**PROBLEM TO WORK ON:** Filter these entries so that only lines with the word "connectivity" remain.

[Stored data]
-- Opening Marker --
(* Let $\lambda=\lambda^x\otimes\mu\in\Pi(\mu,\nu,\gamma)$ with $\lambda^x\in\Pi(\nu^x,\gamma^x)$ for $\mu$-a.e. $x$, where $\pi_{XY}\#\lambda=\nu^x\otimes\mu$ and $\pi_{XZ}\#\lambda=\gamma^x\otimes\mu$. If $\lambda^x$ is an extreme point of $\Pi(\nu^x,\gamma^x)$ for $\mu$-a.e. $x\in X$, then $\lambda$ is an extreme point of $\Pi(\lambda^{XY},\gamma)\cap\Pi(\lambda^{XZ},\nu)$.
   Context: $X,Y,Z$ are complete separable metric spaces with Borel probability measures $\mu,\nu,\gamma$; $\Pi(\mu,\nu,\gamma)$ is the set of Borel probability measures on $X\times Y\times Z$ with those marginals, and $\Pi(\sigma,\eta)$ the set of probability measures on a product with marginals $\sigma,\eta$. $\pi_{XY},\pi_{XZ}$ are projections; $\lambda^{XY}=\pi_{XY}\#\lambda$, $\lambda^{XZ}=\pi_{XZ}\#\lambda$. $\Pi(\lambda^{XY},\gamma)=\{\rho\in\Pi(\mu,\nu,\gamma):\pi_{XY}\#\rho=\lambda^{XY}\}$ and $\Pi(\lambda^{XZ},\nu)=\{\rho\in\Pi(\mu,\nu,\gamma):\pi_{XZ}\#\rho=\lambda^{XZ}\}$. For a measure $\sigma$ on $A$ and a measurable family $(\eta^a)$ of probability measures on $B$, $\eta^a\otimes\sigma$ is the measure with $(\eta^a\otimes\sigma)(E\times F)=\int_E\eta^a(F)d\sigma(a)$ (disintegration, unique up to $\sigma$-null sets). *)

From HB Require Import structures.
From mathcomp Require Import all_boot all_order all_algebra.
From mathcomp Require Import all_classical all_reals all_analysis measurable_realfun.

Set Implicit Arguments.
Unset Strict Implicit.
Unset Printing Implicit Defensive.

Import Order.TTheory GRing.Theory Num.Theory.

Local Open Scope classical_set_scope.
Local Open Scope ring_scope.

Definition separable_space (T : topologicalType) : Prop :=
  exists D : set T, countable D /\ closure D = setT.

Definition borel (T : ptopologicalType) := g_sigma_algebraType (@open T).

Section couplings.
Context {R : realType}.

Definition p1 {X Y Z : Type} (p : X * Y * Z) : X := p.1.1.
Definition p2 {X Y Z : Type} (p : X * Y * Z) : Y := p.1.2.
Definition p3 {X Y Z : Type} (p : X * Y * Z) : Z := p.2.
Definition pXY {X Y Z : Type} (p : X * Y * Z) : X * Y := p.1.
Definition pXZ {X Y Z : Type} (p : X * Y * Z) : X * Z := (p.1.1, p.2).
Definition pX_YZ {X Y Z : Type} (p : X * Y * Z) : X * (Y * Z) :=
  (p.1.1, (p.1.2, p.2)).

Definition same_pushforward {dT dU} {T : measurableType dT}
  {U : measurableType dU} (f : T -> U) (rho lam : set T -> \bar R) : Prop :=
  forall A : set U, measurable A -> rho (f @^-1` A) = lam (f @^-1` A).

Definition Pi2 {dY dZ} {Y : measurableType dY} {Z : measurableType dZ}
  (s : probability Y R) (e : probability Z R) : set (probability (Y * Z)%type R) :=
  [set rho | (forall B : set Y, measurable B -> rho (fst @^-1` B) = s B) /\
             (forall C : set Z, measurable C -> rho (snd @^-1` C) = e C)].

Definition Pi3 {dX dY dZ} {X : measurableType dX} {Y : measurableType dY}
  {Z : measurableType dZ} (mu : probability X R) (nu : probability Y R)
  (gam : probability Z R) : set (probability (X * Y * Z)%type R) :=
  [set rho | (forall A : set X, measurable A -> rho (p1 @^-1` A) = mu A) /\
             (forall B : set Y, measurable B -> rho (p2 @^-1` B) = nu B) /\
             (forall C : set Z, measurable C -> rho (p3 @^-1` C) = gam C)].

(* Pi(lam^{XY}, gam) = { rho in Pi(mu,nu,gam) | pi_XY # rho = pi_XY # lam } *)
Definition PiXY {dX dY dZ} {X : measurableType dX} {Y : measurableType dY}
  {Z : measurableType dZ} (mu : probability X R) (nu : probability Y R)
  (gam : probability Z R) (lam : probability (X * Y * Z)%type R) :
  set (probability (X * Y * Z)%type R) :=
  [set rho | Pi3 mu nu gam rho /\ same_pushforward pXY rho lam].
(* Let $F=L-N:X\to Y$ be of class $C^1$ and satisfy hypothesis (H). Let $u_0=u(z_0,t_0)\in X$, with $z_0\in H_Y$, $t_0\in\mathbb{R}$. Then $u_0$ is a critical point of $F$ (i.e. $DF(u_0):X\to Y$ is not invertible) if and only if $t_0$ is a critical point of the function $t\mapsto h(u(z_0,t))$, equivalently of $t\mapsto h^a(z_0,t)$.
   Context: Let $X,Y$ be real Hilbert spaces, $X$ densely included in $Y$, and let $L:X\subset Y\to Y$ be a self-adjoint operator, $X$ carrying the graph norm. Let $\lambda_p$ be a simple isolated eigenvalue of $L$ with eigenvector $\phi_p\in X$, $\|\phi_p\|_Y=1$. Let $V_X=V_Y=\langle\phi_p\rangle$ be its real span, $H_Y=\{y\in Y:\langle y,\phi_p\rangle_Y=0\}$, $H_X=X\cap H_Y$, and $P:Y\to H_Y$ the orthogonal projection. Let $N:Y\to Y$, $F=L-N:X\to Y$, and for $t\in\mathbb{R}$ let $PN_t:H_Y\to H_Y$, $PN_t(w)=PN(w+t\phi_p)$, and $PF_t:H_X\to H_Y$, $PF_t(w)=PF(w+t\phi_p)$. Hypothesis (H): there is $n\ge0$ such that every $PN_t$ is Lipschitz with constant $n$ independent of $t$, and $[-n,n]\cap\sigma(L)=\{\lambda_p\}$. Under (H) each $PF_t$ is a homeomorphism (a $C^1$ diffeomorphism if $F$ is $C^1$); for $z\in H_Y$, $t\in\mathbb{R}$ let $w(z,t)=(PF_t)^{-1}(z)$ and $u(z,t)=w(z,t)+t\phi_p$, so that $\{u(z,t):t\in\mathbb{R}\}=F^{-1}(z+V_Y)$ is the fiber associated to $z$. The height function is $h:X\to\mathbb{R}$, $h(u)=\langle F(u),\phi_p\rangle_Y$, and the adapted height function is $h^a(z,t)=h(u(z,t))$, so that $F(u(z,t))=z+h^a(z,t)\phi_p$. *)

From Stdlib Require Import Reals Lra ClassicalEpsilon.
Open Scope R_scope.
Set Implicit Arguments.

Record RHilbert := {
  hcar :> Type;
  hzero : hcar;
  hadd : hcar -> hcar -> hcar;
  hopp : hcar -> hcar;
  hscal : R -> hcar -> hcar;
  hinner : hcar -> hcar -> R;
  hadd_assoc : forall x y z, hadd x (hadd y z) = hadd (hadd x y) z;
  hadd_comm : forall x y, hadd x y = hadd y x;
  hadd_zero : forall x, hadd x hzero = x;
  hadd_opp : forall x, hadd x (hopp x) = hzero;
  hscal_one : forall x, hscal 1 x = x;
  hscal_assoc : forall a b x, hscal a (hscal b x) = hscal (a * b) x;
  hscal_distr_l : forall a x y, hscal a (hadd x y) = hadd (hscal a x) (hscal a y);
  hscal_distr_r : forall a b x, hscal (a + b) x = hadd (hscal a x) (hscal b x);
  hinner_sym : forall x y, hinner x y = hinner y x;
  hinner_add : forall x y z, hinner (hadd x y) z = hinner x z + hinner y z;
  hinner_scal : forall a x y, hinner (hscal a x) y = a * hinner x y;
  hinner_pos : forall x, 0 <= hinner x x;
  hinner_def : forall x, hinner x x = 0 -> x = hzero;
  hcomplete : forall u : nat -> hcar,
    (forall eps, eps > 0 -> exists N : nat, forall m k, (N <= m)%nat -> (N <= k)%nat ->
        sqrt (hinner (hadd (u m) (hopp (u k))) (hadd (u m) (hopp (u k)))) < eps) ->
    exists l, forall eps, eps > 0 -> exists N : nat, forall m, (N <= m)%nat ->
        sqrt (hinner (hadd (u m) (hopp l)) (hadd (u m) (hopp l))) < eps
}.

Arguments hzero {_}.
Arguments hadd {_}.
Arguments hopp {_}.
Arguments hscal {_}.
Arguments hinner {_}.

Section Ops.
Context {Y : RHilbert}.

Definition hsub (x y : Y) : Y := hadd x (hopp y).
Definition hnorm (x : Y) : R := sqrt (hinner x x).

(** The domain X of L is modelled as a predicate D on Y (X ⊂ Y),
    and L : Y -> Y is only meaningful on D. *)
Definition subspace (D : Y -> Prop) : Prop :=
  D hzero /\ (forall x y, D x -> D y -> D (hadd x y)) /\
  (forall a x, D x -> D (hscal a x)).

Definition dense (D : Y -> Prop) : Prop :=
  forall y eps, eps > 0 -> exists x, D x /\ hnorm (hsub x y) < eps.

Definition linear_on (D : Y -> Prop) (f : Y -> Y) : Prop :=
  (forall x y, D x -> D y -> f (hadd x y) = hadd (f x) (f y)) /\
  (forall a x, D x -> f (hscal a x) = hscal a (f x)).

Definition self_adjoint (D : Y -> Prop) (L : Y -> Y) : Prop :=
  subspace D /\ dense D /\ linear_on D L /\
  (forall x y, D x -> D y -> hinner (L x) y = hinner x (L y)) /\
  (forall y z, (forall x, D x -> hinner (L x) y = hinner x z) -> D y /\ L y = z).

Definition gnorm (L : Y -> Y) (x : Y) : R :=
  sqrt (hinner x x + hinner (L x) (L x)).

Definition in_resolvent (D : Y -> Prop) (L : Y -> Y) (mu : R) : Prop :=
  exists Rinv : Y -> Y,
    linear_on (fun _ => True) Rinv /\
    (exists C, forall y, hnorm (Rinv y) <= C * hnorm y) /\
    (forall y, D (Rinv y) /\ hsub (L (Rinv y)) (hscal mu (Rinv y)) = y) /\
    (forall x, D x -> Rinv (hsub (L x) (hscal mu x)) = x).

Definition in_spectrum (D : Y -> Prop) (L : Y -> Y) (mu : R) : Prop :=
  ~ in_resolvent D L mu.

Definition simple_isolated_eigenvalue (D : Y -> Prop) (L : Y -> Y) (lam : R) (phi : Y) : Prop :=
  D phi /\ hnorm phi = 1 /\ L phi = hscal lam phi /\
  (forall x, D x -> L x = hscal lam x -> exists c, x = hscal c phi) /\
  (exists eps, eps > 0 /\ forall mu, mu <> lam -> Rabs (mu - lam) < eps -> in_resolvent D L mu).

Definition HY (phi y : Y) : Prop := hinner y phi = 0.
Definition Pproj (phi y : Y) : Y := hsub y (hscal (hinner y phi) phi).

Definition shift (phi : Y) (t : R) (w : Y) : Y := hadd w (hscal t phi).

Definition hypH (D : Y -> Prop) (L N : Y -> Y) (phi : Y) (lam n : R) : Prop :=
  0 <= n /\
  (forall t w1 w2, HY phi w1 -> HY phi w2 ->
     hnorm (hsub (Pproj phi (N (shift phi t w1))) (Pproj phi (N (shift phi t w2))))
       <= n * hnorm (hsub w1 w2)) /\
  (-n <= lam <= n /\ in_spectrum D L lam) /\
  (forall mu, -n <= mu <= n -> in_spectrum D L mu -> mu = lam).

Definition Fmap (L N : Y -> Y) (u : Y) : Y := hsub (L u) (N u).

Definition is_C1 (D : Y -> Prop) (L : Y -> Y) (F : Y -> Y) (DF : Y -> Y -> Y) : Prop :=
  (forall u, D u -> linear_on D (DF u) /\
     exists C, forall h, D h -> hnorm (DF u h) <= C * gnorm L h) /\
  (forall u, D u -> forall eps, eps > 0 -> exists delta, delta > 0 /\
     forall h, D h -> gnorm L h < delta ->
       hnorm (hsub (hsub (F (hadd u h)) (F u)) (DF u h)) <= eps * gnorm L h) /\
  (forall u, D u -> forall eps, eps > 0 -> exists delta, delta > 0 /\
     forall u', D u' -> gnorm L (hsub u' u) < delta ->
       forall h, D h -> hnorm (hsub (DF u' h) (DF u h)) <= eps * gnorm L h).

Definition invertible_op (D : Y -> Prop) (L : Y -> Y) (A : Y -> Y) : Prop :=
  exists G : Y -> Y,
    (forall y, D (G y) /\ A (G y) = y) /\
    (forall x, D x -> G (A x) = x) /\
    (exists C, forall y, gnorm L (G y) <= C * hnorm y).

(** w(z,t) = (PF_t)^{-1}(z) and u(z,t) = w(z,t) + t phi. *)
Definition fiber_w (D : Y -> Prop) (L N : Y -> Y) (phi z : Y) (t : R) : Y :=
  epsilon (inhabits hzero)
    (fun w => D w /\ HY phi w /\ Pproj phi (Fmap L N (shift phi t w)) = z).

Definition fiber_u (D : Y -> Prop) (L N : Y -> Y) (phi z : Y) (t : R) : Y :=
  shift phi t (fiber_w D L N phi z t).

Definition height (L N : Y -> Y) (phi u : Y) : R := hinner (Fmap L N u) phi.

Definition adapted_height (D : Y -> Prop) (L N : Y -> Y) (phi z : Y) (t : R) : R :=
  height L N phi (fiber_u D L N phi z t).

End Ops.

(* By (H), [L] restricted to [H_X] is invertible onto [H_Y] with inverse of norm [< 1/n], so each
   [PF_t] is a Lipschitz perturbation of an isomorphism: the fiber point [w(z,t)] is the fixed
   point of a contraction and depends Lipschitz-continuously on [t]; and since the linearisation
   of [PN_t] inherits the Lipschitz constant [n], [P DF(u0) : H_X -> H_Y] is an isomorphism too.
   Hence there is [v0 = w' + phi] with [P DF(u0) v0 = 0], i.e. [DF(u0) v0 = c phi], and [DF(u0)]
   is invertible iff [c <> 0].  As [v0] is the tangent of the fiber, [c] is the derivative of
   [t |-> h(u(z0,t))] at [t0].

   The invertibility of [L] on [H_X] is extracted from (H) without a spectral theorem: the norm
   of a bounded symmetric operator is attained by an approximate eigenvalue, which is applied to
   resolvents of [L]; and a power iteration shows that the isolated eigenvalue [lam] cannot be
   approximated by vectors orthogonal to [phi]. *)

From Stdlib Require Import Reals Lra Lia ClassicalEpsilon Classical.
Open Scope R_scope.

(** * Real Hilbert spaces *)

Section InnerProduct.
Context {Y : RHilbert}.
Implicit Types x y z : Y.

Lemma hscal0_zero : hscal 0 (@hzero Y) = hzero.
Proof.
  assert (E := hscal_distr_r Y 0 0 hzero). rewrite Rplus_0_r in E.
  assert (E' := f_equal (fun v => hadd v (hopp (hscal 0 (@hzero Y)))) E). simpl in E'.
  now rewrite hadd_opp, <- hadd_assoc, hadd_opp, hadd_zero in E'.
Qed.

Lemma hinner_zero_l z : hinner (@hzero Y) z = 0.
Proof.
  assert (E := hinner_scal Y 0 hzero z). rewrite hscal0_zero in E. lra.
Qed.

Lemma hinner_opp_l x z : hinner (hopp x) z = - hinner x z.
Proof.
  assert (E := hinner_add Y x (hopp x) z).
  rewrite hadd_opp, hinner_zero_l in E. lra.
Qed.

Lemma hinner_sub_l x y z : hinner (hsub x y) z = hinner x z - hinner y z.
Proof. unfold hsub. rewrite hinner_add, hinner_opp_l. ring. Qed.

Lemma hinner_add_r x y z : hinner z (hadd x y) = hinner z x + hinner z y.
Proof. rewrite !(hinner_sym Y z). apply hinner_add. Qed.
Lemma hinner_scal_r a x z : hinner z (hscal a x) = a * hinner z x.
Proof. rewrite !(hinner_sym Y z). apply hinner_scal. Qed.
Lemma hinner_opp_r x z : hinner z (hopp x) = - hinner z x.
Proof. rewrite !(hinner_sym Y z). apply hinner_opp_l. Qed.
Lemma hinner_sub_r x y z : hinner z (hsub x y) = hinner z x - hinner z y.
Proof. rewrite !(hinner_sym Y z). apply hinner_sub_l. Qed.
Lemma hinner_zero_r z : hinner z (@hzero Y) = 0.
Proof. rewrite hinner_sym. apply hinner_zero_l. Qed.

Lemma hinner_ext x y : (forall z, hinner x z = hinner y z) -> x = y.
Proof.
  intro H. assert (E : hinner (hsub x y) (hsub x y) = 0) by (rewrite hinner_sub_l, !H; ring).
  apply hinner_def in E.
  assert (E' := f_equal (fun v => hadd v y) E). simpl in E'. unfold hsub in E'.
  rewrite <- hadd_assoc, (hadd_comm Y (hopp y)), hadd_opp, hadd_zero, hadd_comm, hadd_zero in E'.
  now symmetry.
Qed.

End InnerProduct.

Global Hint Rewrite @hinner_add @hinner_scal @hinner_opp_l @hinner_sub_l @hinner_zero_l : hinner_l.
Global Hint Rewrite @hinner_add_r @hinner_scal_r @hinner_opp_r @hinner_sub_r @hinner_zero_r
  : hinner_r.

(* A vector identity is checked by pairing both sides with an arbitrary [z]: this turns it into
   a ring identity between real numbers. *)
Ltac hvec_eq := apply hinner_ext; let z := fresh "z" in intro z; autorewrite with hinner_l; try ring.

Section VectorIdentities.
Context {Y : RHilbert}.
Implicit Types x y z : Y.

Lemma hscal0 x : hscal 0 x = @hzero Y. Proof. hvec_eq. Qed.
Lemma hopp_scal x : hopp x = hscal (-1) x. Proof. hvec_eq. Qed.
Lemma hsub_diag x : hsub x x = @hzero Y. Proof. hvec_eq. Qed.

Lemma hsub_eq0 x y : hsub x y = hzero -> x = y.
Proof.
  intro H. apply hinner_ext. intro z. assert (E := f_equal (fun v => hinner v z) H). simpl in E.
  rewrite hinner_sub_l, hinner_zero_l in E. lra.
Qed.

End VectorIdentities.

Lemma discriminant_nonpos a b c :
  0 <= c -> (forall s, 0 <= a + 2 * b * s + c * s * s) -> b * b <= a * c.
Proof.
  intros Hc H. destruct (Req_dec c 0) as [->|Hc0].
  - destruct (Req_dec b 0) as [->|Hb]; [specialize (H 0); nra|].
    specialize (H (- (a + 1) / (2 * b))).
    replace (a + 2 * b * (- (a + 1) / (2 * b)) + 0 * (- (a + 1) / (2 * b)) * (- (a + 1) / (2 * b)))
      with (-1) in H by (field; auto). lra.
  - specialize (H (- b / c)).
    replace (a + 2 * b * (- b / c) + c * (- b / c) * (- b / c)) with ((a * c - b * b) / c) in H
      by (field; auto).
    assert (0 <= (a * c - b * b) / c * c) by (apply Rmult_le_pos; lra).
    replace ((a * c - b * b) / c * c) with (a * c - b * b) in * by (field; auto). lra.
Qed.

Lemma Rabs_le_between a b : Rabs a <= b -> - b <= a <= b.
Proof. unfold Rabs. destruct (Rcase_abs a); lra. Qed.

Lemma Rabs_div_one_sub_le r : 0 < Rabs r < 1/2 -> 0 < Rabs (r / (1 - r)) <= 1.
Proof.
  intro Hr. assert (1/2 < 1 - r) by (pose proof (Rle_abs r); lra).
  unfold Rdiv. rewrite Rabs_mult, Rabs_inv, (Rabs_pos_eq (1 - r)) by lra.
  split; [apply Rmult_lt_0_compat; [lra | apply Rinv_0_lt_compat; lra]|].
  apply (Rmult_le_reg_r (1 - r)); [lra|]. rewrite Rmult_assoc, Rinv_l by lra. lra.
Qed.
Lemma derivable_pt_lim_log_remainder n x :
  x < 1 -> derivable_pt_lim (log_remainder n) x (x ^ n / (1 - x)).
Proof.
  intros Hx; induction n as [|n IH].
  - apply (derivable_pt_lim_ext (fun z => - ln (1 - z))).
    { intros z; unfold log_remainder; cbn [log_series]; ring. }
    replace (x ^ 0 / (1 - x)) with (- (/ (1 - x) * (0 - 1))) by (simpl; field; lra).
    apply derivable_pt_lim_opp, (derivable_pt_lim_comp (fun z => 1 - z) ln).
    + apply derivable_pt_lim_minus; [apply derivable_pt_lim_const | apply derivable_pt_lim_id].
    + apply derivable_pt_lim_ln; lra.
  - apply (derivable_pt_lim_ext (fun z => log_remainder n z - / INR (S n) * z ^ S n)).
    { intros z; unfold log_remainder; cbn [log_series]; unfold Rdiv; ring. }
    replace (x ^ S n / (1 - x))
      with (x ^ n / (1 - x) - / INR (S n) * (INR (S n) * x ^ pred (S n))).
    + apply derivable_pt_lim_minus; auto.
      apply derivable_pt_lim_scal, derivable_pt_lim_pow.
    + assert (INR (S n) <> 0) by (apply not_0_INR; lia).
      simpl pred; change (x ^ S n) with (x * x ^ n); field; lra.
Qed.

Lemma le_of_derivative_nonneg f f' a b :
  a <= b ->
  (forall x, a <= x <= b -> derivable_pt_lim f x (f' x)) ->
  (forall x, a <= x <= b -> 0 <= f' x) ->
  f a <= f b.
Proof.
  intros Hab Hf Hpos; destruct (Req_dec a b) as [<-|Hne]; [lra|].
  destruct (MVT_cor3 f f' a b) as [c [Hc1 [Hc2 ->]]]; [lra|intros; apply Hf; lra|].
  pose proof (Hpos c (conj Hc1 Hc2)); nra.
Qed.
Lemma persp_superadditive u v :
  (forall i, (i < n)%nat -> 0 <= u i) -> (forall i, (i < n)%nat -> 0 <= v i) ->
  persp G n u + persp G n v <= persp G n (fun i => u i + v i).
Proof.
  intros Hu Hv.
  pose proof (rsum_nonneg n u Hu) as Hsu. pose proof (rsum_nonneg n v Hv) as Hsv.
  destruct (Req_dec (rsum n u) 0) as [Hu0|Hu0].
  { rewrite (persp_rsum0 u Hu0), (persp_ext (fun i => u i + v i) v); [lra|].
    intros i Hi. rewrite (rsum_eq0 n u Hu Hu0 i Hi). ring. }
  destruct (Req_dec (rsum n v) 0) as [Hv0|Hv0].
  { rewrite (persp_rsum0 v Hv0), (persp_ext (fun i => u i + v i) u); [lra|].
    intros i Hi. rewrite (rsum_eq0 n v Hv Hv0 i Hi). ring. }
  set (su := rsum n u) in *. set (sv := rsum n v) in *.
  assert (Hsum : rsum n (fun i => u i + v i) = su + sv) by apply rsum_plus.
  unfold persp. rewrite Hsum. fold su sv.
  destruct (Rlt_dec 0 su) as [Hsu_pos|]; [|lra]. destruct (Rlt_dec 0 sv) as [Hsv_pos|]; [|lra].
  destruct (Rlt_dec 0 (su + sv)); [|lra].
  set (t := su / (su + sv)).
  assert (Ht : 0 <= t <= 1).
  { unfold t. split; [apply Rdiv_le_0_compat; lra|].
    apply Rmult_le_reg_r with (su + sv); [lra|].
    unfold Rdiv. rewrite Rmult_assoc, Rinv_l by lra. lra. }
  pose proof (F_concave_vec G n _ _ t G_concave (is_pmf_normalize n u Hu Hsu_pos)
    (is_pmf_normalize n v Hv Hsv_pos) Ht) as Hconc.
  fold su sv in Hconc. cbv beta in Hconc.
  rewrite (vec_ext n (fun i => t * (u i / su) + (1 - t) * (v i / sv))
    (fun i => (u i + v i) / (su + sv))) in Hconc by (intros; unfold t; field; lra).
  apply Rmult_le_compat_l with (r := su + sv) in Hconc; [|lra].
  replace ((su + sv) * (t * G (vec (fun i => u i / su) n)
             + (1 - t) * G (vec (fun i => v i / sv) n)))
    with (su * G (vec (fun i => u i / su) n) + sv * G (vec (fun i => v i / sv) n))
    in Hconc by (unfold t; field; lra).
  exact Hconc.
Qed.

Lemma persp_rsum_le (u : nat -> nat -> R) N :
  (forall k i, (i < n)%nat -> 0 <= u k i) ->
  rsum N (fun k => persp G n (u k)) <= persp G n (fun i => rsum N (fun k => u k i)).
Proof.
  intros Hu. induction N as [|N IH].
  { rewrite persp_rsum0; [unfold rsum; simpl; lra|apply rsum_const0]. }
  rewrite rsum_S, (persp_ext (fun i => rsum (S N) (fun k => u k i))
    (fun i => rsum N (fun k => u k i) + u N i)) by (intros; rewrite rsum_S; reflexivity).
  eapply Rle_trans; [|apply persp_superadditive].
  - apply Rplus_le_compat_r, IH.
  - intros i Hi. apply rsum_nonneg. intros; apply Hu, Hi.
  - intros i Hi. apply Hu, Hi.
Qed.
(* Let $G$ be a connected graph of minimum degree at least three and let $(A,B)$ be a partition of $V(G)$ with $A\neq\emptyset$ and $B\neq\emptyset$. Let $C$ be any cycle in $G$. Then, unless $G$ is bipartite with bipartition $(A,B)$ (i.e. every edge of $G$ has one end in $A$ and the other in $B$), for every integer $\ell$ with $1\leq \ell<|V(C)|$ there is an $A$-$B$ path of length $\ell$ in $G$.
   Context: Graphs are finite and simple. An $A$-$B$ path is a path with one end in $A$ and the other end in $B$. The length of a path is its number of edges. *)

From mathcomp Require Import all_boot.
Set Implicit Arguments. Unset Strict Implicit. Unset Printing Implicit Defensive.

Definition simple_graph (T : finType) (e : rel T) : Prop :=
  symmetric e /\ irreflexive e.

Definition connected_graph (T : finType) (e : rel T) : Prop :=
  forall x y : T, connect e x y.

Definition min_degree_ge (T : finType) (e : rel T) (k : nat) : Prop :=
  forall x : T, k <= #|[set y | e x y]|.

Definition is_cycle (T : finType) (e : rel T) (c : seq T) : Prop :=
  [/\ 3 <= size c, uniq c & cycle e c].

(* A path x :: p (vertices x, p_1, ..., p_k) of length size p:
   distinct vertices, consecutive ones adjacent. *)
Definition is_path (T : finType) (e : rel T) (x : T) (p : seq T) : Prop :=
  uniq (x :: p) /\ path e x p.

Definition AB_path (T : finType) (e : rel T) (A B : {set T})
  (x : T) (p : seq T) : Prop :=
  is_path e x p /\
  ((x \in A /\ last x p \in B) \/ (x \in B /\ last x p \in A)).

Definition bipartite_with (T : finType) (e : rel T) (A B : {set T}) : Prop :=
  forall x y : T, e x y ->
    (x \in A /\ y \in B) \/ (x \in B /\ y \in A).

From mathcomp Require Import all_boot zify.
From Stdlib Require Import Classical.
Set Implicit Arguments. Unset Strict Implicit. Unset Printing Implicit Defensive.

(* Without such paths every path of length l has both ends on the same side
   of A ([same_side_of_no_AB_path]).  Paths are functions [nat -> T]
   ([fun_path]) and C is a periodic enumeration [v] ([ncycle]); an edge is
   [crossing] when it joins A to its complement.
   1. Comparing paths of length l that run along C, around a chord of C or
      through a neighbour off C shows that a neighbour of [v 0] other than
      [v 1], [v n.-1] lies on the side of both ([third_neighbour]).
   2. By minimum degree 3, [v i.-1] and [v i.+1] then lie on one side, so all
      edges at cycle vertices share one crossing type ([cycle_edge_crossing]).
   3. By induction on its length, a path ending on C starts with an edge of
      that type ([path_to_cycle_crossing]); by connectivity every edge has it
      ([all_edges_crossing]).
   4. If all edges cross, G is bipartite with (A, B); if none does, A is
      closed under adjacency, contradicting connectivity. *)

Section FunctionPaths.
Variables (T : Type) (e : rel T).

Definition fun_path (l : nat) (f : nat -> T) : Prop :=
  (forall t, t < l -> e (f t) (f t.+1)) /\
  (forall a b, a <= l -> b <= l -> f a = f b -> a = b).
-- Closing Marker --
**SOLUTION BELOW:**
      that type ([path_to_cycle_crossing]); by connectivity every edge has it
      closed under adjacency, contradicting connectivity. *)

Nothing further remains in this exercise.